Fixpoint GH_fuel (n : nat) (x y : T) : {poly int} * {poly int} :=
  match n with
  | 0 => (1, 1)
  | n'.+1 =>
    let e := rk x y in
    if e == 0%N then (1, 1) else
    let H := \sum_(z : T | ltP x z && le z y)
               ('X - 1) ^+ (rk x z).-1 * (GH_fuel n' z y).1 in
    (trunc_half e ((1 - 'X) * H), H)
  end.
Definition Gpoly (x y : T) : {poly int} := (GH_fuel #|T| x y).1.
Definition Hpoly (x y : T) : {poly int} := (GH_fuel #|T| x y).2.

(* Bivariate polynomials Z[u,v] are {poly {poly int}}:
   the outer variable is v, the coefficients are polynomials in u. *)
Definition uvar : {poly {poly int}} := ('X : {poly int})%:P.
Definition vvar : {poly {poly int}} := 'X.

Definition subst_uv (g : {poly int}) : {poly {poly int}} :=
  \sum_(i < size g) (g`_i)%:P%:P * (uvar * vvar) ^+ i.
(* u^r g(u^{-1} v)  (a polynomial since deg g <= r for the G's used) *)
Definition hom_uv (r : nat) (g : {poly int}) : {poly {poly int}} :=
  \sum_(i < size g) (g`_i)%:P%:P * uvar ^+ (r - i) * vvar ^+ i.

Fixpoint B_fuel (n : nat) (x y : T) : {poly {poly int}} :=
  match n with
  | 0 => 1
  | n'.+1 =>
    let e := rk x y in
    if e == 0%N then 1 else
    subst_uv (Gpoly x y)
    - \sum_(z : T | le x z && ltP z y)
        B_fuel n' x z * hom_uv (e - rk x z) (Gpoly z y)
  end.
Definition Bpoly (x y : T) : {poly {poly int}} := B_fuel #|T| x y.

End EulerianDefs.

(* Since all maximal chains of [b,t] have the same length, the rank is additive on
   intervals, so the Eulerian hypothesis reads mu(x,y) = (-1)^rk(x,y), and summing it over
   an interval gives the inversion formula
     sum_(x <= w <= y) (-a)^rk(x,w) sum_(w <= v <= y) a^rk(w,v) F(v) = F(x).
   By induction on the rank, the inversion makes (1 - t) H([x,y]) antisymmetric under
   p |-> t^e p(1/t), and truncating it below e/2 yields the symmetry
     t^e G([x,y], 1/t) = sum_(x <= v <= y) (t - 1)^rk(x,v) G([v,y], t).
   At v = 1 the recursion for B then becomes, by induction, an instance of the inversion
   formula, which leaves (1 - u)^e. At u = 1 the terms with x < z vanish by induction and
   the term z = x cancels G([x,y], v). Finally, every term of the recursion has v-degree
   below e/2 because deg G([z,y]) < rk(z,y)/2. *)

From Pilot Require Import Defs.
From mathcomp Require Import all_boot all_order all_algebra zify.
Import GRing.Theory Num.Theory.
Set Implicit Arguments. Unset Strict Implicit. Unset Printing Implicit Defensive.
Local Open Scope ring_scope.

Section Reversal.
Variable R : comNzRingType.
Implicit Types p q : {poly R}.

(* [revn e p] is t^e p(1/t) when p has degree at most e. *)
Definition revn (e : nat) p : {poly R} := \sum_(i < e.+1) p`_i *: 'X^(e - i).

(Exercise brief): Copy out each line of the data containing the string "Definition".

(Written reply):
Definition Gpoly (x y : T) : {poly int} := (GH_fuel #|T| x y).1.
Definition Hpoly (x y : T) : {poly int} := (GH_fuel #|T| x y).2.
Definition uvar : {poly {poly int}} := ('X : {poly int})%:P.
Definition vvar : {poly {poly int}} := 'X.
Definition subst_uv (g : {poly int}) : {poly {poly int}} :=
Definition hom_uv (r : nat) (g : {poly int}) : {poly {poly int}} :=
Definition Bpoly (x y : T) : {poly {poly int}} := B_fuel #|T| x y.
Definition revn (e : nat) p : {poly R} := \sum_(i < e.+1) p`_i *: 'X^(e - i).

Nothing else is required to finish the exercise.